ImportError: Using low_cpu_mem_usage=True or a device_map requires Accelerate: pip install accelerate

Accelerate CLI

accelerate를 slurm 환경에서 구동해야 하는 이슈가 있어 다음과 같이 스크립트를 구성하고 default_config.yaml은 사용하지 않는 형태로 정리했다. export가 실행하는 부분은 미리 sbatch로 실행. accelerate가 분산 실행하므로 tasks per node는 1로 설정.

#SBATCH --ntasks-per-node=1

export HOSTNAMES=$(scontrol show hostnames "$SLURM_JOB_NODELIST")
export COUNT_NODE=$(scontrol show hostnames "$SLURM_JOB_NODELIST" | wc -l)
...

H=$(hostname)
MACHINE_RANK=$(echo -e $HOSTNAMES  | python3 -c "import sys;[sys.stdout.write(str(i)) for i,line in enumerate(next(sys.stdin).split(' ')) if line.strip() == '$H'.strip()]")
echo machine_rank="${MACHINE_RANK}"

PYTHONPATH=/FastChat accelerate launch \
--num_processes $(( 8 * ${COUNT_NODE} )) \
--num_machines ${COUNT_NODE} \
--dynamo_backend 'no' \
--mixed_precision bf16 \
--machine_rank ${MACHINE_RANK} \
--main_process_ip ${MASTER_ADDR} \
--main_process_port ${MASTER_PORT} \
--use_fsdp \
--fsdp_offload_params false \
--fsdp_sharding_strategy 1 \
--fsdp_auto_wrap_policy TRANSFORMER_BASED_WRAP \
--fsdp_transformer_layer_cls_to_wrap LlamaDecoderLayer \
--fsdp_backward_prefetch_policy BACKWARD_PRE \
--fsdp_state_dict_type FULL_STATE_DICT \
    fastchat/train/train.py \
    ...

Llama + Flash Attention

transformers 4.36 버전부터 sdpa가 디폴트이며 flash_attn 설치 없이도 가능하다.

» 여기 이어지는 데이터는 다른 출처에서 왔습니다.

Lemma valid_attach e c s : valid_part r s -> valid_part r (attach e c s).
Proof.
move=> /andP[/andP[ok so1] so2]; rewrite /valid_part /attach.
set t := gap (c.+1 + e) c.+1.
have tE : t%:Z = (c.+1 + e)%N%:Z + (c.+1)%:Z + r by rewrite gapE.
rewrite /= all_map; apply/andP; split; first (apply/andP; split).
- apply/andP; split; first by rewrite /part_ok /=; lia.
  by apply/allP => p ps; apply/part_ok_shift/(allP ok).
- case: s ok so1 {so2} => // y s /= /andP[oky _] so1.
  have := sorted_lexle_shift t (y :: s); rewrite /= so1 => -> ; rewrite andbT.
  by move: oky; rewrite /lexle /part_ok /= => /andP[h1 h2]; lia.
- case: s ok so2 {so1} => // y s /= /andP[oky _] so2.
  have := sorted_wdiff_shift r t (y :: s); rewrite /= so2 => -> ; rewrite andbT.
  by move: oky; rewrite /wdiff /part_ok /= PoszD => /andP[h1 h2]; lia.
Qed.

(* In a valid partition with first part x, every later part y satisfies
   y.1 >= x.1 + x.2 + r + y.2, so the shift by gap x.1 x.2 can be undone. *)
Lemma later_parts_bound x s :
  path (fun a b => r <= wdiff b a) x s -> all part_ok s ->
  forall y, y \in s -> x.1%:Z + x.2%:Z + r + y.2%:Z <= y.1%:Z.
Proof.
elim: s x => // z s IH x /= /andP[Rxz Pzs] /andP[okz oks] y.
rewrite inE => /orP[/eqP -> | ys]; first by move: Rxz; rewrite /wdiff; lia.
have := IH z Pzs oks y ys; move: okz Rxz; rewrite /part_ok /wdiff => /andP[h1 h2].
by move: (z.1) (z.2) (x.1) (x.2) (y.1) (y.2) h1 h2 => z1 z2 x1 x2 y1 y2; lia.
Qed.

(* One layer of the enumeration: all attach e c s with s drawn from the
   list P w of partitions with m parts and weight w, for the unique w that
   makes the total weight N. *)
Definition extend (m N : nat) (P : nat -> seq (seq (nat * nat))) : seq (seq (nat * nat)) :=
  flatten [seq flatten [seq
      (if (step_exp m <= N - m.+1 * e - (2 * m + 1) * c)%N
       then [seq attach e c s | s <- P (N - m.+1 * e - (2 * m + 1) * c - step_exp m)%N]
       else [::])
      | c <- iota 0 (N - m.+1 * e).+1 & ((2 * m + 1) * c <= N - m.+1 * e)%N]
     | e <- iota 0 N.+1 & (m.+1 * e <= N)%N].

Fixpoint enum_parts (m N : nat) : seq (seq (nat * nat)) :=
  if m is m'.+1 then extend m' N (enum_parts m')
  else if N == 0%N then [:: [::]] else [::].

Lemma enum_partsS m N : enum_parts m.+1 N = extend m N (enum_parts m).
Proof. by []. Qed.

Lemma mem_enum_partsS m N s : (s \in enum_parts m.+1 N) <->
  exists e c s', [/\ s = attach e c s',
     s' \in enum_parts m (N - m.+1 * e - (2 * m + 1) * c - step_exp m)%N &
     (m.+1 * e + (2 * m + 1) * c + step_exp m <= N)%N].
Proof.
rewrite enum_partsS; split.
- move=> /flattenP [l /mapP [e]]; rewrite mem_filter mem_iota => /andP[g1 _] ->.
  move=> /flattenP [l' /mapP [c]]; rewrite mem_filter mem_iota => /andP[g2 _] ->.
  by case: ifP => // g3 /mapP [s' Hs' ->]; exists e, c, s'; split => //; lia.
- case=> e [c [s' [-> Hs' g]]].
  have he := leq_pmull e (ltn0Sn m).
  have hc : (c <= (2 * m + 1) * c)%N by apply: leq_pmull; lia.
  have me : e \in [seq e <- iota 0 N.+1 | (m.+1 * e <= N)%N].
    by rewrite mem_filter mem_iota; apply/andP; split; lia.
  have mc : c \in [seq c <- iota 0 (N - m.+1 * e).+1 | ((2 * m + 1) * c <= N - m.+1 * e)%N].
    by rewrite mem_filter mem_iota; apply/andP; split; lia.
  apply/flattenP; eexists; first exact: (map_f _ me).
  apply/flattenP; eexists; first exact: (map_f _ mc).
  by rewrite ifT; [apply: map_f | lia].
Qed.

Lemma enum_parts_sound m N s : s \in enum_parts m N ->
  [/\ valid_part r s, pweight s = N & size s = m].
Proof.
elim: m N s => [|m IH] N s; first by rewrite /=; case: eqP => // ->; rewrite inE => /eqP ->.
move/mem_enum_partsS => [e [c [s' [-> /IH [v w sz] g]]]].
split; [exact: valid_attach | | by rewrite /= size_map sz].
by rewrite pweight_cons pweight_shift w sz /=; have := attach_weight m e c; lia.
Qed.

(* Removing the smallest part of a valid partition and unshifting the rest
   gives a valid partition with one part fewer. *)
Lemma enum_parts_complete m s :
  size s = m -> valid_part r s -> s \in enum_parts m (pweight s).
Proof.
elim: m s => [|m IH] [|[a i] s0] //.
move=> [sz] /andP[/andP[/andP[oki oks] so1] so2]; move: oki; rewrite /part_ok /= => /andP[i0 ia].
set t := gap a i; have tE : t%:Z = a%:Z + i%:Z + r by rewrite gapE.
have hb := @later_parts_bound (a, i) s0 so2 oks.
set s' := map (unshift_part t) s0.
have shift_s' : map (shift_part t) s' = s0.
  rewrite -map_comp; apply: map_id_in => -[y1 y2] ys.
  by have := hb _ ys; rewrite /comp /shift_part /unshift_part /= => H; congr pair; lia.
have vs' : valid_part r s'.
  apply/andP; split; first (apply/andP; split).
  - rewrite /s' all_map; apply/allP => -[y1 y2] ys; have := hb _ ys.
    by have := allP oks _ ys; rewrite /part_ok /= => /andP[h1 h2] H; apply/andP; split; lia.
  - by rewrite -(sorted_lexle_shift t) shift_s'; apply: path_sorted so1.
  - by rewrite -(sorted_wdiff_shift r t) shift_s'; apply: path_sorted so2.
have sz' : size s' = m by rewrite size_map.
have w := attach_weight m (a - i) i.-1.
rewrite prednK // subnKC // -/t in w.
have pw : pweight ((a, i) :: s0) = (a + pweight s' + m * t)%N.
  rewrite -shift_s' pweight_cons pweight_shift sz' /=; lia.
apply/mem_enum_partsS; exists (a - i)%N, i.-1, s'; split.
- by rewrite /attach prednK // subnKC // -/t shift_s'.
- by rewrite pw -!subnDA addnA w addnAC addKn; exact: IH.
- by rewrite pw; lia.
Qed.

(* The smallest part of attach e c s determines e and c, and attach e c is
   injective, so the enumeration has no repetitions. *)
Lemma enum_parts_uniq m N : uniq (enum_parts m N).
Proof.
elim: m N => [|m IH] N; first by rewrite /=; case: (N == 0%N).
rewrite enum_partsS.
pose tag_e (s : seq (nat * nat)) := ((head (0, 0) s).1 - (head (0, 0) s).2)%N.
pose tag_c (s : seq (nat * nat)) := ((head (0, 0) s).2).-1.
apply: (@uniq_flatten_tagged _ _ _ _ tag_e); first by rewrite filter_uniq // iota_uniq.
- move=> e _; apply: (@uniq_flatten_tagged _ _ _ _ tag_c).
  + by rewrite filter_uniq // iota_uniq.
  + move=> c _; case: ifP => // _; rewrite map_inj_uniq //.
    by move=> s1 s2 [] /(inj_map (@shift_part_inj _)).
  + by move=> c y _; case: ifP => // _ /mapP [s _ ->].
- move=> e y _ /flattenP [l /mapP [c _ ->]].
  by case: ifP => // _ /mapP [s _ ->]; rewrite /tag_e /= addKn.
Qed.

(* A partition has at most as many parts as its weight. *)
Lemma enum_parts_nil m N : (N < m)%N -> enum_parts m N = [::].
Proof.
case E: (enum_parts m N) => [|s l] // Nm.
have /enum_parts_sound [/andP[/andP[ok _] _] w sz] : s \in enum_parts m N by rewrite E mem_head.
by have := @size_le_pweight s ok; rewrite w sz; lia.
Qed.

(** * The generating series of partitions with m parts *)

Definition count_parts (m : nat) : fps := fun N => (size (enum_parts m N))%:Z.

Lemma count_parts0 : count_parts 0 = fps_one.
Proof. by apply: functional_extensionality => N; rewrite /count_parts /fps_one /=; case: (N == 0%N). Qed.

Lemma count_partsS m : count_parts m.+1 =
  fps_geo m.+1 (fps_geo (2 * m + 1) (fps_mul (fps_X (step_exp m)) (count_parts m))).
Proof.
apply: functional_extensionality => N.
rewrite /count_parts enum_partsS size_flatten_map big_filter /fps_geo.
apply: eq_bigr => e _; rewrite size_flatten_map big_filter; apply: eq_bigr => c _.
by rewrite fps_mulXE; case: ifP => _ //; rewrite size_map.
Qed.

Fixpoint lead_exp (m : nat) : nat :=
  if m is m'.+1 then (lead_exp m' + step_exp m')%N else 0%N.

Lemma lead_expE m : expo r m = (lead_exp m)%:Z.
Proof.
elim: m => [|m IH]; first by rewrite /expo /= mulr0.
rewrite /= PoszD -IH step_expE /expo binS bin1.
rewrite (_ : (m.+1 ^ 2 = m ^ 2 + 2 * m + 1)%N); last by rewrite -addn1 sqrnD; lia.
by rewrite !PoszD !PoszM; ring.
Qed.

Definition denom (m : nat) : fps := fps_mul (qpoch 1 1 m) (qpoch 1 2 m).

Lemma denom_const m : denom m 0%N = 1.
Proof. by rewrite /denom fps_mul0 !qpoch_const // mulr1. Qed.

Lemma denom_count_parts m : fps_mul (denom m) (count_parts m) = fps_X (lead_exp m).
Proof.
elim: m => [|m IH]; first by rewrite /denom /qpoch /= count_parts0 !fps_mul1.
have regroup a b c d x : fps_mul (fps_mul (fps_mul a b) (fps_mul c d)) x =
    fps_mul (fps_mul a c) (fps_mul d (fps_mul b x)).
  by rewrite !fps_mulA (fps_mulCA b c) (fps_mulCA b d).
rewrite /denom !qpochS count_partsS regroup mul1n !add1n addn1.
by rewrite !fps_mul_geo // fps_mulCA IH fps_XD addnC.
Qed.

Lemma count_parts_rhs m : count_parts m = rhs_term r m.
Proof.
apply: (@fps_mulI (denom m)); first exact: denom_const.
rewrite denom_count_parts /rhs_term fps_mulCA fps_mulV ?denom_const // fps_mulr1.
by rewrite lead_expE absz_nat.
Qed.

Definition all_parts (N : nat) : seq (seq (nat * nat)) :=
  flatten [seq enum_parts m N | m <- iota 0 N.+1].

Lemma all_parts_uniq N : uniq (all_parts N).
Proof.
apply: (@uniq_flatten_tagged _ _ _ _ size); first exact: iota_uniq.
  by move=> m _; apply: enum_parts_uniq.
by move=> m y _ /enum_parts_sound [].
Qed.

# $ CUDA_VISIBLE_DEVICES=2,3 python
import torch
from transformers import AutoTokenizer, AutoModelForCausalLM

model1 = AutoModelForCausalLM.from_pretrained('.', torch_dtype=torch.bfloat16, attn_implementation="eager").to('cuda:0')
model2 = AutoModelForCausalLM.from_pretrained('.', torch_dtype=torch.bfloat16, attn_implementation="sdpa").to('cuda:1')

tokenizer = AutoTokenizer.from_pretrained('.')
prompt = 'Can you provide a sample answer to the question– "Tell me about a situation where you had to resolve a customer or client complaint. How did you handle the situation, and how did it impact the relationship with the customer?"'
input_ids1 = tokenizer(prompt, return_tensors='pt').to('cuda:0').input_ids
input_ids2 = tokenizer(prompt, return_tensors='pt').to('cuda:1').input_ids

import time
start_time=time.time();output1 = model1.generate(input_ids1, do_sample=False, max_new_tokens=512);print(time.time() - start_time)
start_time=time.time();output2 = model2.generate(input_ids2, do_sample=False, max_new_tokens=512);print(time.time() - start_time)
print(tokenizer.decode(output1[0], skip_special_tokens=False))
print(tokenizer.decode(output2[0], skip_special_tokens=False))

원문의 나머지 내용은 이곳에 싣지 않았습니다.